Source material is from "Text Analytics with Python: A Practical Real-World Approach to Gaining Actionable Insights from Your Data" by Dipanjan Sarkar

# # Defintions of common Natural Language Processing terms

Stop Words: A stop word is a commonly used word (such as “the”, “a”, “an”, “in”) that a search engine has been programmed to ignore, both when indexing entries for searching and when retrieving them as the result of a search query.

Corpus : "A corpus is a large body of natural language text used for accumulating statistics on natural language text.
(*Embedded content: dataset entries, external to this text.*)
Lemma gen_eigs_gsq : gen_eigs A B gsq_eig.
Proof.
split=> [p q|x].
  rewrite leq_eqVlt => /orP[/eqP/val_inj -> //|pq].
  rewrite ler_pM2r ?invr_gt0 ?exprn_even_gt0 //= ?h_neq0 // ltW // gsq_ratio_lt //.
  - by have /andP[? ?] := laplacian_eig_bounds n p; lra.
  - by rewrite /laplacian_eig ltrD2l ltrN2 ltr_pM2l // cos_mode_angle_lt.
  - by have /andP[? ?] := laplacian_eig_bounds n q; lra.
rewrite det_gsq_B -big_split /=.
apply: det_left_eigenbasis (det_sine_modes_neq0 n) _ => p.
rewrite rowK mulmxBr sine_mode_gsq_A -scalemxAr sine_mode_gsq_B scalerA -scalerBl.
congr (_ *: _); rewrite /gsq_eig /gsq_ratio.
by field; rewrite h_neq0 lt0r_neq0 ?gsq_den_laplacian_gt0.
Qed.

End Pencil.

Lemma gsq_eig_rel_error n (j : 'I_n) (h := (n.+1)%:R^-1 : R) :
  `|gsq_eig n h j - ((j.+1)%:R * pi) ^+ 2| / ((j.+1)%:R * pi) ^+ 2
    < ((j.+1)%:R * pi * h) ^+ 8 / (32 * 27 * 35).
Proof.
have h_neq0 : h != 0 by rewrite invr_eq0 pnatr_eq0.
have -> : (j.+1)%:R * pi * h = mode_angle n j by [].
set t := mode_angle n j; have t_neq0 : t != 0 by rewrite gt_eqF ?mode_angle_gt0.
have -> : ((j.+1)%:R * pi) ^+ 2 = t ^+ 2 / h ^+ 2.
  by rewrite /t /mode_angle /h; field; rewrite nat1r pnatr_eq0.
rewrite /gsq_eig /laplacian_eig -/t -mulrBl normrM [`|h ^- 2|]ger0_norm ?invr_ge0 ?sqr_ge0 //.
have -> : forall e : R, e * h ^- 2 / (t ^+ 2 / h ^+ 2) = e / t ^+ 2.
  by move=> e; field; rewrite h_neq0 t_neq0.
rewrite ltr_pdivrMr ?exprn_gt0 ?mode_angle_gt0 //.
have -> : t ^+ 8 / (32 * 27 * 35) * t ^+ 2 = (t ^+ 2) ^+ 5 / (32 * 27 * 35) by ring.
exact: gsq_ratio_cos_near (mode_angle_gt0 n j) (mode_angle_lt_pi _ _ (ltn_ord j)).
Qed.

End GSFEMEigenvalues.

Arguments gen_eigs_uniq {R n A B l1 l2}.

Theorem theorem3 (R : realType) (N : nat) (HN : (2 <= N)%N) :
  let h : R := N%:R^-1 in
  let A := gsq_A N.-1 h (31 / 252) in
  let B := gsq_B N.-1 h (23 / (4 * 27 * 35)) (26 / 21) in
  (exists lam : 'I_N.-1 -> R, gen_eigs A B lam) /\
  (forall lam : 'I_N.-1 -> R, gen_eigs A B lam ->
     forall j : 'I_N.-1,
       let lamj : R := ((j.+1)%:R * pi) ^+ 2 in
       `|lam j - lamj| / lamj < ((j.+1)%:R * pi * h) ^+ 8 / (32 * 27 * 35)).
Proof.
case: N HN => [//|n] _ h A B /=.
have h_neq0 : h != 0 by rewrite invr_eq0 pnatr_eq0.
split; first by exists (gsq_eig R n h); exact: gen_eigs_gsq R n h h_neq0.
move=> lam lam_eigs j.
rewrite (gen_eigs_uniq (det_gsq_B_neq0 R n h h_neq0) lam_eigs (gen_eigs_gsq R n h h_neq0)).
exact: gsq_eig_rel_error.
Qed.
Lemma inc_uniq {t v w} : (1 <= t <= L)%N -> (0 < v < n)%N -> (0 < w < n)%N ->
  inc t v%:Z -> inc t w%:Z -> v = w.
Proof.
move=> tL vn wn /(step_up (not_congr0 vn) tL) [vt _] /(step_up (not_congr0 wn) tL) [wt _].
apply: (@congr_small n); [lia|lia|].
by apply: (@prod_from_congr_inj t.+1) => //; apply: congr_trans vt (congr_sym wt).
Qed.

Lemma sum_jumps_incs {v} : (0 < v < n)%N -> \sum_(t <- incs v) (a t - a t.-1) = n%:Z.
Proof.
move=> vn; rewrite big_filter big_mkcond /=.
rewrite (telescope_sumr_eq (fun t => - P t v%:Z)) //.
  by rewrite prod_from_end prod_lam lam_neq0; [lia | exact: not_congr0].
move=> t tL; case: (stepP (not_congr0 vn) tL) => _ ->; lia.
Qed.

Lemma size_incs_ge2 {v} : (0 < v < n)%N -> (2 <= size (incs v))%N.
Proof.
move=> vn; have := sum_jumps_incs vn; have := mem_incs v.
case: (incs v) => [|t [|? ?]] //= mem; rewrite ?big_nil ?big_seq1; first lia.
have /andP [tL _] : (1 <= t <= L)%N && inc t v%:Z by rewrite -mem inE.
move=> jump; case: (a_refl _ tL); apply/congr_sym/congrP; exists 1; lia.
Qed.

Definition movers (t : nat) : seq nat := [seq v <- index_iota 1 n | inc t v%:Z].

Lemma size_movers_le1 {t} : (1 <= t <= L)%N -> (size (movers t) <= 1)%N.
Proof.
move=> tL; rewrite size_filter.
have [/hasP [v vin vinc]|] := boolP (has (fun v => inc t v%:Z) (index_iota 1 n)).
  rewrite (@eq_in_count _ _ (pred1 v)) ?count_uniq_mem ?iota_uniq ?leq_b1 //.
  move=> w win /=; apply/idP/eqP => [winc|->//].
  by apply: (inc_uniq tL); move: win vin; rewrite !mem_index_iota //; lia.
by rewrite has_count; lia.
Qed.

Lemma sum_size_incs :
  (\sum_(1 <= v < n) size (incs v) = \sum_(1 <= t < L.+1) size (movers t))%N.
Proof.
under eq_bigr do rewrite size_filter -sum1_count.
rewrite (exchange_big_dep predT) //=.
by apply: eq_bigr => t _; rewrite size_filter -sum1_count.
Qed.

Lemma sum_size_movers_le : (\sum_(1 <= t < L.+1) size (movers t) <= L)%N.
Proof.
apply: (@leq_trans (\sum_(1 <= t < L.+1) 1)); last by rewrite sum_nat_const_nat; lia.
rewrite big_seq [leqRHS]big_seq.
by apply: leq_sum => t; rewrite mem_index_iota => tL; apply: size_movers_le1; lia.
Qed.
Tokenization: Given a character sequence and a defined document unit, tokenization is the task of chopping it up into pieces, called tokens

Word stems:  also known as the base form of a word, and we can create new words by attaching affixes to them in a process known as inflection. Consider the word JUMP. You can add affixes to it and form new words like JUMPS, JUMPED, and JUMPING. In this case, the base word JUMP is the word stem.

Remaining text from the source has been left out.